■ **ASSIGNMENT**: Give back all the data exactly as it was written.
________________
Theorem theorem5p4p5 (k : fieldType) (n : nat) (rays : seq 'rV[int]_n)
    (A : comAlgType k) (chi : 'rV[int]_n -> A) :
  cone_rays rays -> semigroup_algebra rays chi ->
  (forall D : nat -> A -> A,
      LFIHD D -> nontrivial_HD D -> (exists e0, homogeneous rays chi D e0) ->
      exists (e rho : 'rV[int]_n) (lam : k),
        [/\ demazure_root rays e rho, lam != 0
          & forall (i : nat) (m : 'rV[int]_n), dual_pt rays m ->
              D i (chi m) = (lam ^+ i * ('C(absz (pairing m rho), i))%:R) *: chi (m + e *+ i)])
  /\
  (forall (e rho : 'rV[int]_n) (lam : k),
      demazure_root rays e rho -> lam != 0 ->
      exists D : nat -> A -> A,
        [/\ LFIHD D, nontrivial_HD D, homogeneous rays chi D e
          & forall (i : nat) (m : 'rV[int]_n), dual_pt rays m ->
              D i (chi m) = (lam ^+ i * ('C(absz (pairing m rho), i))%:R) *: chi (m + e *+ i)]).
Proof.
move=> cr SA; split.
  move=> D HD Dnt [e He].
  have [rho [lam form]] := homogeneous_LFIHD_form cr SA HD He Dnt.
  by exists e, rho, lam.
move=> e rho lam root lam_neq0.
exists (cHD SA e rho lam); split.
- exact: cHD_LFIHD.
- exact: cHD_nontrivial.
- exact: cHD_homogeneous.
- exact: cHD_formula.
Qed.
________________
■ **RESPONSE TO THE TASK**:
Theorem theorem5p4p5 (k : fieldType) (n : nat) (rays : seq 'rV[int]_n)
    (A : comAlgType k) (chi : 'rV[int]_n -> A) :
  cone_rays rays -> semigroup_algebra rays chi ->
  (forall D : nat -> A -> A,
      LFIHD D -> nontrivial_HD D -> (exists e0, homogeneous rays chi D e0) ->
      exists (e rho : 'rV[int]_n) (lam : k),
        [/\ demazure_root rays e rho, lam != 0
          & forall (i : nat) (m : 'rV[int]_n), dual_pt rays m ->
              D i (chi m) = (lam ^+ i * ('C(absz (pairing m rho), i))%:R) *: chi (m + e *+ i)])
  /\
  (forall (e rho : 'rV[int]_n) (lam : k),
      demazure_root rays e rho -> lam != 0 ->
      exists D : nat -> A -> A,
        [/\ LFIHD D, nontrivial_HD D, homogeneous rays chi D e
          & forall (i : nat) (m : 'rV[int]_n), dual_pt rays m ->
              D i (chi m) = (lam ^+ i * ('C(absz (pairing m rho), i))%:R) *: chi (m + e *+ i)]).
Proof.
move=> cr SA; split.
  move=> D HD Dnt [e He].
  have [rho [lam form]] := homogeneous_LFIHD_form cr SA HD He Dnt.
  by exists e, rho, lam.
move=> e rho lam root lam_neq0.
exists (cHD SA e rho lam); split.
- exact: cHD_LFIHD.
- exact: cHD_nontrivial.
- exact: cHD_homogeneous.
- exact: cHD_formula.
Qed.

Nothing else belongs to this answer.